### Entries supplied ###
Lemma reach_tight a : ~~ reach a u ->
  ~ (exists w D, [/\ is_cycle w D, all A D, wgain D < 1 & reach a w]) ->
  exists2 th : V -> R, forall z, 0 < th z & forall e, x e != 0 ->
    (reach a (src e) -> th (src e) = gam e * th (dst e)) /\
    (reach a (dst e) -> reach a (src e)).
Proof.
move=> hu no_absorbing; case: x_cons => x_ge0 x_cons'.
apply: closed_region_tight => // [z hz|e he hs|v C hC hCF].
- by apply: x_cons'; apply: contraNneq hu => <-.
- exact: connect_arc hs (reach_supp_out hu he hs).
rewrite leNgt; apply/negP => hgC; apply: no_absorbing; exists v, C; split=> //.
  by apply/allP => e /(allP hCF) /andP [he hs]; apply: reach_supp_out hu he hs.
by have /mapP [e /(allP hCF) /andP [_ hs] ->] := cycle_base_src hC.
Qed.

Lemma bounded_subflow_unit v C : is_cycle v C -> all A C -> wgain C = 1 -> bounded_subflow.
Proof.
move=> hC hCA hg.
have [y [hy out_y phi_y]] := unit_cycle_flow hC (supp_out_avoids hCA) hg.
exists y; first exact: flow_in_supp (supp_out_supp hCA) hy.
rewrite out_y phi_y mulr0 leNgt; apply/negP => hneg; apply: no_unit.
by exists v, C; split=> //; apply: supp_out_avoids.
Qed.

Lemma bounded_subflow_gen v C : is_cycle v C -> all A C -> 1 < wgain C -> bounded_subflow.
Proof.
move=> hC hCA hgC.
have [/connect_pathP [P hP hPA] | hu] := boolP (reach v u).
  have hCPA : all A (C ++ P) by rewrite all_cat hCA.
  have [y [hy out_y phi_y]] := gen_cycle_flow hC hP (supp_out_avoids hCPA) hgC.
  exists y; first exact: flow_in_supp (supp_out_supp hCPA) hy.
  rewrite out_y phi_y mulr0; apply: mulr_ge0; first by rewrite invr_ge0 subr_ge0 ltW.
  rewrite leNgt; apply/negP => hneg; apply: no_gen.
  by exists v, C, P; split=> //; apply: supp_out_avoids.
have [[w [D [hD hDA hgD /connect_pathP [P hP hPA]]]] | no_absorbing] :=
  classic (exists w D, [/\ is_cycle w D, all A D, wgain D < 1 & reach v w]).
  have hCPDA : all A (C ++ P ++ D) by rewrite !all_cat hCA hPA.
  have [y [hy out_y phi_y]] := bicycle_flow hC hP hD (supp_out_avoids hCPDA) hgC hgD.
  exists y; first exact: flow_in_supp (supp_out_supp hCPDA) hy.
  rewrite out_y phi_y mulr0.
  have : ~ (wcost P + wgain P * (wcost D / (1 - wgain D)) < - wcost C / (wgain C - 1)).
    move=> hneg; apply: no_bicycle.
    by exists v, w, C, P, D; split=> //; apply: supp_out_avoids.
  by move/negP; rewrite -leNgt mulNr; lra.
have [th th_gt0 tight] := reach_tight hu no_absorbing.
suff : wgain C = 1 by move=> hg1; move: hgC; rewrite hg1 ltxx.
apply: (tight_cycle_gain th_gt0 hC) => e he.
apply: (tight e (supp_out_supp hCA he)).1.
exact: connect_walk (connect0 _ v) (cycle_walk hC) hCA e he.
Qed.
Lemma projected_evaluation_error a0 m H J0 (mu mu' : 'I_n -> A) (M : 'M[R]_n) w
    dFV epsPE dapp :
  mxnorm M <= dFV -> vnorm w <= epsPE ->
  vnorm (vsub (mxapp M (Jmu P r alpha mu')) (Jmu P r alpha mu')) <= dapp ->
  vnorm (vsub (Jmu P r alpha mu')
     (mxapp M (vadd (iter m (Tmu P r alpha mu') (iter H.-1 (Tbell P r alpha a0) J0)) w)))
  <= alpha ^+ (m + H.-1) * dFV * vnorm (vsub (Jmu P r alpha mu) J0)
     + (alpha ^+ m * K * dFV + dapp + dFV * epsPE).
Proof.
move=> hM hw happ; set T := Tbell P r alpha a0; set Y := Jmu P r alpha mu'.
set e := vnorm (vsub (Jmu P r alpha mu) J0).
set X := iter m (Tmu P r alpha mu') (iter H.-1 T J0).
have dFV_ge0 : 0 <= dFV := le_trans (mxnorm_ge0 _) hM.
have hV0 : vnorm (vsub (iter H.-1 T J0) Y) <= alpha ^+ H.-1 * e + K.
  apply: le_trans (vnorm_sub_triangle _ (iter H.-1 T (Jmu P r alpha mu)) _) _.
  apply: lerD; first by apply: le_trans (vnorm_iter_sub (Tbell_shift_contractive a0) _ _ _) _;
    rewrite vnorm_subC.
  by apply: vnorm_sub_range => // i; [apply: iter_Tbell_range => j|]; apply: Jmu_range.
have hXY : vnorm (vsub X Y) <= alpha ^+ m * (alpha ^+ H.-1 * e + K).
  rewrite /X /Y -(iter_Tmu_Jmu mu' m).
  apply: le_trans (vnorm_iter_sub (Tmu_shift_contractive mu') _ _ _) _.
  by rewrite ler_wpM2l ?exprn_ge0.
apply: vnorm_le => [|i]; first by rewrite !addr_ge0 // ?vnorm_ge0 ?(le_trans (vnorm_ge0 _) happ)
  // ?(mulr_ge0 dFV_ge0) ?(le_trans (vnorm_ge0 _) hw) // !mulr_ge0 ?exprn_ge0 ?vnorm_ge0.
rewrite /vsub (mxapp_vadd_vsub M X Y w i).
have t1 := le_trans (ler_mxapp M (vsub X Y) i) (ler_pM (mxnorm_ge0 _) (vnorm_ge0 _) hM hXY).
have t2 := le_trans (ler_vnorm (vsub (mxapp M Y) Y) i) happ.
have t3 := le_trans (ler_mxapp M w i) (ler_pM (mxnorm_ge0 _) (vnorm_ge0 _) hM hw).
have -> : alpha ^+ (m + H.-1) * dFV * e + (alpha ^+ m * K * dFV + dapp + dFV * epsPE)
  = dFV * (alpha ^+ m * (alpha ^+ H.-1 * e + K)) + dapp + dFV * epsPE by rewrite exprD; ring.
move: t1 t2 t3; rewrite /vsub !ler_norml => /andP[? ?] /andP[? ?] /andP[? ?].
by apply/andP; split; lra.
Qed.
Lemma qrMl (a b : F) : qr a -> qr (a * b) = qr b.
Proof.
move=> /qrP[u u0 ->]; have [->|b0] := eqVneq b 0; first by rewrite mulr0.
apply/idP/idP => [/qrP[w w0 e]|/qrP[v v0 ->]]; last first.
  by rewrite mulrACA qr_sqr ?mulf_neq0.
rewrite /qr b0; apply/existsP; exists (w / u); apply/eqP.
by rewrite mulrACA -invfM -e mulrAC divff ?mul1r ?mulf_neq0.
Qed.

Lemma qr1 : qr 1.
Proof. by rewrite -(mulr1 1) qr_sqr ?oner_neq0. Qed.

Lemma qrX3 (a : F) : qr (a ^+ 3) = qr a.
Proof.
have [->|a0] := eqVneq a 0; first by rewrite expr0n.
by rewrite exprS mulrC expr2 qrMl ?qr_sqr.
Qed.

Lemma mulrr_eq (x y : F) : x * x = y * y -> y = x \/ y = - x.
Proof.
move=> e; have : y ^+ 2 == x ^+ 2 by rewrite !expr2 e.
by rewrite eqf_sqr => /orP[] /eqP ->; [left|right].
Qed.

Hypothesis two_neq0 : (2 : F) != 0.

Lemma oppr_eq_self (x : F) : (- x == x) = (x == 0).
Proof.
by rewrite eq_sym -subr_eq0 opprK -mulr2n -mulr_natl mulf_eq0 (negPf two_neq0).
Qed.

Lemma card_qr : (2 * #|[set a : F | qr a]|).+1%N = #|F|.
Proof.
have <- : #|[set x : F | x != 0]| = (2 * #|[set a : F | qr a]|)%N.
  apply: (card_two_to_one (g := fun x => x * x) (s := -%R)) => [x|u|x|x y _ _ /mulrr_eq//].
  - by rewrite !inE; apply: qr_sqr.
  - by rewrite inE => /qrP[y y0 ->]; exists y; rewrite ?inE.
  - by rewrite !inE => x0; rewrite oppr_eq0 oppr_eq_self x0 mulrNN.
have -> : [set x : F | x != 0] = [set~ 0] by apply/setP => x; rewrite !inE.
by rewrite cardsC1 prednK //; apply/card_gt0P; exists 0.
Qed.

Lemma card_nqr : #|[set x : F | (x != 0) && ~~ qr x]| = #|[set x | qr x]|.
Proof.
have := card_eqb qr (fun x : F => x == 0); rewrite -card_qr.
have -> : [set x | qr x == (x == 0)] = [set x : F | (x != 0) && ~~ qr x].
  apply/setP => x; rewrite !inE; have [->|x0] := eqVneq x 0; first by rewrite qr0.
  by case: (qr x).
have -> : [set x : F | x == 0] = [set 0] by apply/setP => x; rewrite !inE.
have -> : [set x : F | qr x && (x == 0)] = set0.
  by apply/setP => x; rewrite !inE; have [->|_] := eqVneq x 0; rewrite ?qr0 ?andbF.
by rewrite cards1 cards0 muln0 addn0 addn1 mul2n -addnn => -[/addIn].
Qed.

Lemma qr_mul (a b : F) : a != 0 -> b != 0 -> qr (a * b) = (qr a == qr b).
Proof.
move=> a0 b0; have [qa|na] := boolP (qr a); first by rewrite qrMl // eq_sym eqb_id.
have [qb|nb] := boolP (qr b); first by rewrite mulrC qrMl // (negPf na).
set I := [set a * x | x in [set x | qr x]].
have I_nqr : I = [set x | (x != 0) && ~~ qr x].
  apply/eqP; rewrite eqEcard card_imset; last exact: (mulfI a0).
  rewrite card_nqr leqnn andbT; apply/subsetP => y /imsetP[x]; rewrite !inE => qx ->.
  by rewrite mulf_neq0 ?(qr_neq0 qx) //= mulrC qrMl.
have : b \in I by rewrite I_nqr !inE b0 nb.
case/imsetP => x; rewrite inE => qx ->.
by rewrite mulrA qrMl ?qr_sqr.
Qed.

Lemma card_curve (h : F -> F) :
  #|[set xy : F * F | xy.2 * xy.2 == h xy.1]| =
  (#|[set x | h x == 0%R]| + 2 * #|[set x | qr (h x)]|)%N.
Proof.
set C := [set xy : F * F | xy.2 * xy.2 == h xy.1].
rewrite -(cardsID [set xy : F * F | xy.2 == 0] C); congr (_ + _)%N.
  have -> : C :&: [set xy | xy.2 == 0] = [set (x, 0 : F) | x in [set x | h x == 0]].
    apply/setP => -[x y]; rewrite !inE /=; apply/andP/imsetP => [[/eqP e /eqP y0]|[x']].
      by exists x; [rewrite inE -e y0 mul0r | rewrite y0].
    by rewrite inE => /eqP hx [-> ->]; rewrite mul0r hx.
  by rewrite card_imset // => x x' [].
apply: (card_two_to_one (g := fst) (s := fun xy => (xy.1, - xy.2))) => [[x y]|u|[x y]|].
- by rewrite !inE /= => /andP[y0 /eqP <-]; apply: qr_sqr.
- by rewrite inE => /qrP[y y0 e]; exists (u, y); rewrite // !inE /= y0 e eqxx.
- rewrite !inE /= => /andP[y0 e]; rewrite mulrNN e oppr_eq0 y0 xpair_eqE eqxx.
  by rewrite oppr_eq_self.
- move=> [x y] [x' y']; rewrite !inE /= => /andP[_ /eqP e] /andP[_ /eqP e'] ex.
  by subst x'; case: (mulrr_eq (etrans e (esym e'))) => ->; [left|right].
Qed.

Lemma card_conic : #|[set tz : F * F | tz.2 * tz.2 == tz.1 * tz.1 - 1]| = #|F|.-1.
Proof.
pose h (s : F) := ((s + s^-1) / 2, (s^-1 - s) / 2).
have -> : [set tz : F * F | tz.2 * tz.2 == tz.1 * tz.1 - 1] = h @: [set~ 0].
  apply/setP => -[t z]; rewrite !inE /=; apply/idP/imsetP => [/eqP e|[s]].
    have e1 : (t - z) * (t + z) = 1 by rewrite mulrDr !mulrBl e; ring.
    have s0 : t - z != 0 by apply: contra_eq_neq e1 => ->; rewrite mul0r eq_sym oner_neq0.
    have si : (t - z)^-1 = t + z by rewrite -[LHS]mulr1 -e1 mulrA mulVf ?mul1r.
    exists (t - z); first by rewrite !inE.
    by rewrite /h si; congr (_, _); field.
  rewrite !inE => s0 [-> ->]; apply/eqP; field; exact/andP.
rewrite card_in_imset ?cardsC1 // => s s' /[!inE] s0 s0' e.
have hK u : u != 0 -> (h u).1 - (h u).2 = u by move=> u0; rewrite /h /=; field; exact/andP.
by rewrite -(hK s) // -(hK s') // e.
Qed.

Lemma card_qr_sqr_sub1 : (2 * #|[set t : F | qr (t * t - 1)%R]| + 3)%N = #|F|.
Proof.
have := card_curve (fun t => t * t - 1); rewrite card_conic.
have -> : [set t : F | t * t - 1 == 0] = [set 1; -1].
  by apply/setP => t; rewrite !inE subr_eq0 -expr2 -(expr1n F 2) eqf_sqr expr1n.
rewrite cards2 eq_sym oppr_eq_self oner_eq0 /=.
have : (0 < #|F|)%N by apply/card_gt0P; exists 0.
lia.
Qed.

Lemma card_cubic_roots (c : F) : c != 0 -> #|[set x : F | x ^+ 3 - c ^+ 2 * x == 0]| = 3%N.
Proof.
move=> c0; have -> : [set x : F | x ^+ 3 - c ^+ 2 * x == 0] = 0 |: [set c; - c].
  apply/setP => x; rewrite !inE.
  have -> : x ^+ 3 - c ^+ 2 * x = x * ((x - c) * (x + c)) by ring.
  by rewrite !mulf_eq0 subr_eq0 addr_eq0.
have cNc : c != - c by rewrite eq_sym oppr_eq_self.
by rewrite cardsU1 cards2 !inE eq_sym (negPf c0) eq_sym oppr_eq0 (negPf c0) cNc.
Qed.

Lemma card_qr_twist (e : F) (g : F -> F) : e != 0 -> ~~ qr e ->
  (#|[set x | qr (e * g x)%R]| + #|[set x | qr (g x)]| + #|[set x | g x == 0%R]|)%N = #|F|.
Proof.
move=> e0 ne; have := card_eqb (fun x => qr (g x)) (fun x => g x == 0).
have -> : [set x | qr (g x) == (g x == 0)] = [set x | qr (e * g x)].
  apply/setP => x; rewrite !inE; have [->|gx0] := eqVneq (g x) 0; first by rewrite mulr0 qr0.
  by rewrite qr_mul // (negPf ne); case: (qr (g x)).
have -> : [set x | qr (g x) && (g x == 0)] = set0.
  by apply/setP => x; rewrite !inE; have [->|] := eqVneq (g x) 0; rewrite ?qr0 ?andbF.
by rewrite cards0 muln0 addn0.
Qed.

Definition Ncurve (d : F) : nat :=
  #|[set xy : F * F | xy.2 * xy.2 == xy.1 ^+ 3 - d ^+ 2 * xy.1]|.

Lemma Ncurve_scale (d : F) : d != 0 ->
  Ncurve d = (3 + 2 * #|[set t | qr (d ^+ 3 * (t ^+ 3 - t))%R]|)%N.
Proof.
move=> d0; rewrite /Ncurve (card_curve (fun x => x ^+ 3 - d ^+ 2 * x)).
rewrite card_cubic_roots //; congr (_ + 2 * _)%N.
rewrite -(card_preimset _ (mulfI d0)); apply: eq_card => t; rewrite !inE.
by congr qr; ring.
Qed.

Hypothesis qrN1 : qr (-1).

Lemma qrN (a : F) : qr (- a) = qr a.
Proof. by rewrite -mulN1r qrMl. Qed.
(* Let $k$ be a field of characteristic not $2$ or $3$, let $n\ge2$, let $\mathcal{A}\in k^{n+1}\otimes\operatorname{Sym}_2k^3$, and let $X=Z(\det\mathcal{A}(\mathbf{x},\cdot,\cdot))\subseteq\mathbb{P}^n$ be the associated symmetroid hypersurface of degree $3$. If the Cayley variety of $\mathcal{A}$ is non-empty, then $X$ contains a linear subspace of $\mathbb{P}^n$ of dimension at least $n-2$, along which $X$ is singular.
   Context: $\mathcal{A}$ is viewed as an $(n+1)$-tuple $(A_0,\dots,A_n)$ of symmetric $3\times3$ matrices, $\mathcal{A}(\mathbf{x},\cdot,\cdot)=\sum x_iA_i$, and the Cayley variety is $Z(\mathbf{y}^TA_0\mathbf{y},\dots,\mathbf{y}^TA_n\mathbf{y})\subseteq\mathbb{P}^2$. *)

From HB Require Import structures.
From mathcomp Require Import all_boot all_order all_algebra.
From mathcomp Require Import mpoly.
Set Implicit Arguments. Unset Strict Implicit. Unset Printing Implicit Defensive.
Import Order.TTheory GRing.Theory.
Local Open Scope ring_scope.

Definition symmat_of (k : fieldType) (n : nat) (A : 'I_n.+1 -> 'M[k]_3)
  : 'M[{mpoly k[n.+1]}]_3 :=
  \matrix_(a < 3, b < 3) \sum_(l < n.+1) (A l a b) *: 'X_l.

Definition symmetroid_poly (k : fieldType) (n : nat) (A : 'I_n.+1 -> 'M[k]_3)
  : {mpoly k[n.+1]} := \det (symmat_of A).

Definition ev_row (k : fieldType) (n : nat) (p : {mpoly k[n.+1]})
  (v : 'rV[k]_n.+1) : k := p.@[fun j => v 0 j].

Definition cayley_nonempty (k : fieldType) (n : nat) (A : 'I_n.+1 -> 'M[k]_3) :=
  exists2 y : 'cV[k]_3, y != 0 & forall i, y^T *m A i *m y = 0.

(* The hypersurface Z(F) in P^n contains the projective linear subspace P(W)
   (W = row space of B) and is singular along it: F and all partials of F
   vanish at every point of W. *)
Definition singular_along (k : fieldType) (n : nat) (F : {mpoly k[n.+1]})
  (B : 'M[k]_n.+1) :=
  forall v : 'rV[k]_n.+1, (v <= B)%MS ->
    ev_row F v = 0 /\ forall j : 'I_n.+1, ev_row (mderiv j F) v = 0.

From mathcomp Require Import all_boot all_order all_algebra.
From mathcomp Require Import mpoly perm zify.
Set Implicit Arguments. Unset Strict Implicit. Unset Printing Implicit Defensive.
Import Order.TTheory GRing.Theory.
Local Open Scope ring_scope.

(* A point [y] of the Cayley variety is isotropic for every [A l], so the
   vectors [A l *m y] lie in the 2-dimensional space orthogonal to [y] and
   [W = {x | A(x) *m y = 0}] has codimension at most 2.  In a basis whose
   [i]-th vector is [y], the [(i, i)] entry of [A(x)] vanishes identically,
   and for [x] in [W] the whole [i]-th row and column of [A(x)] vanish; this
   forces the determinant and all its partial derivatives to vanish on [W]. *)

Section SingularPoint.
Variables (k : fieldType) (m : nat) (e : 'I_m -> k).

Definition singular_at (p : {mpoly k[m]}) :=
  p.@[e] = 0 /\ forall j, (mderiv j p).@[e] = 0.

Lemma singular_at0 : singular_at 0.
Proof. by split=> [|j]; rewrite ?mderiv0 meval0. Qed.

Lemma singular_atD p q : singular_at p -> singular_at q -> singular_at (p + q).
Proof.
move=> [p0 dp0] [q0 dq0]; split=> [|j]; first by rewrite mevalD p0 q0 addr0.
by rewrite mderivD mevalD dp0 dq0 addr0.
Qed.

Lemma singular_at_sum (I : finType) (F : I -> {mpoly k[m]}) :
  (forall i, singular_at (F i)) -> singular_at (\sum_i F i).
Proof.
move=> F_sing; apply: (big_ind singular_at) => //.
  exact: singular_at0.
exact: singular_atD.
Qed.

Lemma singular_atMl p q : singular_at p -> singular_at (q * p).
Proof.
move=> [p0 dp0]; split=> [|j]; first by rewrite mevalM p0 mulr0.
by rewrite mderivM mevalD !mevalM p0 dp0 !mulr0 addr0.
Qed.

Lemma singular_atMr p q : singular_at p -> singular_at (p * q).
Proof. by rewrite mulrC; apply: singular_atMl. Qed.

Lemma singular_at_mul_roots f g :
  f.@[e] = 0 -> g.@[e] = 0 -> singular_at (f * g).
Proof.
move=> f0 g0; split=> [|j]; first by rewrite mevalM f0 mul0r.
by rewrite mderivM mevalD !mevalM f0 g0 mulr0 mul0r addr0.
Qed.

Lemma singular_atCM c p : c != 0 -> singular_at (c%:MP * p) -> singular_at p.
Proof.
move=> c_neq0 [cp0 dcp0]; have cancel_c x : c * x = 0 -> x = 0.
  by move/eqP; rewrite mulf_eq0 (negbTE c_neq0) => /eqP.
split=> [|j]; first by move: cp0; rewrite mevalM mevalC; exact: cancel_c.
by move: (dcp0 j); rewrite mderiv_mulC mevalM mevalC; exact: cancel_c.
Qed.

(* Every term of the Leibniz expansion either contains [N i i] or contains
   both an entry of row [i] and a different entry of column [i]. *)
Lemma singular_at_det d (N : 'M[{mpoly k[m]}]_d) (i : 'I_d) :
  N i i = 0 -> (forall b, (N i b).@[e] = 0) -> (forall a, (N a i).@[e] = 0) ->
  singular_at (\det N).
Proof.
move=> Nii0 row_i0 col_i0; apply: singular_at_sum => s; apply: singular_atMl.
have [si_i | si_neq_i] := eqVneq (s i) i.
  by rewrite (bigD1 i) //= si_i Nii0 mul0r; exact: singular_at0.
have sVi_neq_i : (s^-1)%g i != i.
  by apply: contra si_neq_i => /eqP {1}<-; rewrite permKV.
rewrite (bigD1 i) //= (bigD1 ((s^-1)%g i)) //= mulrA permKV.
by apply/singular_atMr/singular_at_mul_roots.
Qed.

End SingularPoint.

Lemma symmat_ofE (k : fieldType) n (A : 'I_n.+1 -> 'M[k]_3) :
  symmat_of A = \sum_l 'X_l *: map_mx (@mpolyC n.+1 k) (A l).
Proof.
apply/matrixP => a b; rewrite !mxE summxE; apply: eq_bigr => l _.
by rewrite !mxE mulrC mul_mpolyC.
Qed.

Lemma meval_symmat_of (k : fieldType) n (A : 'I_n.+1 -> 'M[k]_3) e a b :
  (symmat_of A a b).@[e] = (\sum_l e l *: A l) a b.
Proof.
rewrite mxE raddf_sum summxE; apply: eq_bigr => l _ /=.
by rewrite mevalZ mevalXU !mxE mulrC.
Qed.

Lemma det_symmat_of_conj (k : fieldType) n (A : 'I_n.+1 -> 'M[k]_3) Q :
  symmetroid_poly (fun l => Q^T *m A l *m Q) = (\det Q ^+ 2)%:MP * symmetroid_poly A.
Proof.
rewrite /symmetroid_poly; pose Qx := map_mx (@mpolyC n.+1 k) Q.
have -> : symmat_of (fun l => Q^T *m A l *m Q) = Qx^T *m symmat_of A *m Qx.
  rewrite !symmat_ofE mulmx_sumr mulmx_suml; apply: eq_bigr => l _.
  by rewrite -scalemxAr -scalemxAl !map_mxM map_trmx.
by rewrite !det_mulmx det_tr det_map_mx mulrAC -mpolyCM expr2.
Qed.

Lemma conj_mx_entry (R : comPzRingType) d r (X : 'M[R]_d) (Q : 'M[R]_(d, r)) a b :
  (Q^T *m X *m Q) a b = ((col a Q)^T *m X *m col b Q) 0 0.
Proof.
by rewrite tr_col -row_mul !mxE; apply: eq_bigr => c _; rewrite !mxE.
Qed.

Lemma unitmx_with_col (k : fieldType) d (y : 'cV[k]_d) :
  y != 0 -> exists i (Q : 'M[k]_d), Q \in unitmx /\ col i Q = y.
Proof.
move=> y_neq0; have [i0 yi0] : exists i0, y i0 0 != 0.
  apply/existsP; apply: contraR y_neq0; rewrite negb_exists => /forallP y0.
  by apply/eqP/matrixP => a b; rewrite (ord1 b) mxE; apply/eqP/negPn/y0.
case: (@arg_minnP _ i0 (fun a => y a 0 != 0) val yi0) => i yi i_min.
pose Q : 'M[k]_d := \matrix_(a, b) if b == i then y a 0 else (a == b)%:R.
exists i, Q; split; last by apply/matrixP => a b; rewrite (ord1 b) !mxE eqxx.
have Q_trig : is_trig_mx Q.
  apply/is_trig_mxP => a b a_lt_b; rewrite mxE; case: eqP => [b_i | _].
    by apply/eqP/negPn/negP => ya; move: (i_min a ya); rewrite -b_i leqNgt a_lt_b.
  by case: eqP a_lt_b => [->|]; rewrite ?ltnn.
rewrite unitmxE det_trig // (bigD1 i) //= big1 => [|a a_neq_i]; last first.
  by rewrite mxE (negbTE a_neq_i) eqxx.
by rewrite mxE eqxx mulr1 unitfE.
Qed.

Lemma mxrank_ltn_col (k : fieldType) p d (M : 'M[k]_(p, d)) (y : 'cV[k]_d) :
  y != 0 -> M *m y = 0 -> (\rank M < d)%N.
Proof.
move=> y_neq0 My0; have : (y^T <= kermx M^T)%MS.
  by apply/sub_kermxP; rewrite -trmx_mul My0 trmx0.
move/mxrankS; rewrite rank_rV trmx_eq0 y_neq0 mxrank_ker mxrank_tr.
by rewrite subn_gt0.
Qed.

Lemma singular_at_symmetroid (k : fieldType) n (A : 'I_n.+1 -> 'M[k]_3)
    (y : 'cV[k]_3) (e : 'I_n.+1 -> k) :
  (forall l, (A l)^T = A l) -> y != 0 -> (forall l, y^T *m A l *m y = 0) ->
  (\sum_l e l *: A l) *m y = 0 -> singular_at e (symmetroid_poly A).
Proof.
move=> A_sym y_neq0 y_isotropic; set Ae := \sum_l _ => Ae_y0.
have Ae_sym : Ae^T = Ae.
  by rewrite linear_sum; apply: eq_bigr => l _; rewrite linearZ /= A_sym.
have [i [Q [Q_unit Qi]]] := unitmx_with_col y_neq0.
have detQ2_neq0 : \det Q ^+ 2 != 0 by rewrite expf_neq0 // -unitfE -unitmxE.
have conj_Ae : \sum_l e l *: (Q^T *m A l *m Q) = Q^T *m Ae *m Q.
  rewrite mulmx_sumr mulmx_suml; apply: eq_bigr => l _.
  by rewrite scalemxAl scalemxAr.
apply: (singular_atCM detQ2_neq0); rewrite -det_symmat_of_conj.
apply: (singular_at_det (i := i)) => [|b|a]; rewrite ?meval_symmat_of ?conj_Ae.
- rewrite mxE big1 // => l _.
  by rewrite conj_mx_entry Qi y_isotropic mxE scale0r.
- by rewrite conj_mx_entry Qi -Ae_sym -trmx_mul Ae_y0 trmx0 mul0mx mxE.
- by rewrite conj_mx_entry Qi -mulmxA Ae_y0 mulmx0 mxE.
Qed.

Theorem lemma4p0p8 (k : fieldType) (n : nat)
  (hchar2 : 2%N \notin [pchar k]) (hchar3 : 3%N \notin [pchar k])
  (hn : (2 <= n)%N)
  (A : 'I_n.+1 -> 'M[k]_3) (hsym : forall i, (A i)^T = A i) :
  cayley_nonempty A ->
  exists B : 'M[k]_n.+1,
    (n.-1 <= \rank B)%N /\ singular_along (symmetroid_poly A) B.
Proof.
move=> [y y_neq0 y_isotropic].
pose M := \matrix_(l < n.+1) (A l *m y)^T.
have My0 : M *m y = 0.
  by apply/row_matrixP => l; rewrite row_mul rowK trmx_mul hsym y_isotropic row0.
exists (kermx M); split.
  by have := mxrank_ltn_col y_neq0 My0; rewrite mxrank_ker; lia.
move=> v /sub_kermxP vM0; apply: (singular_at_symmetroid hsym y_neq0 y_isotropic).
apply: trmx_inj; rewrite trmx0 -{}vM0 mulmx_sum_row mulmx_suml linear_sum.
by apply: eq_bigr => l _; rewrite rowK -scalemxAl linearZ.
Qed.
###
What you should do = In the entries above, the lines from the one bearing "singular_at (\det N)." up to and including the one bearing "have sVi_neq_i : (s^-1)%g i != i." should be transcribed exactly; no other line is wanted.

Answer space =
  singular_at (\det N).
Proof.
move=> Nii0 row_i0 col_i0; apply: singular_at_sum => s; apply: singular_atMl.
have [si_i | si_neq_i] := eqVneq (s i) i.
  by rewrite (bigD1 i) //= si_i Nii0 mul0r; exact: singular_at0.
have sVi_neq_i : (s^-1)%g i != i.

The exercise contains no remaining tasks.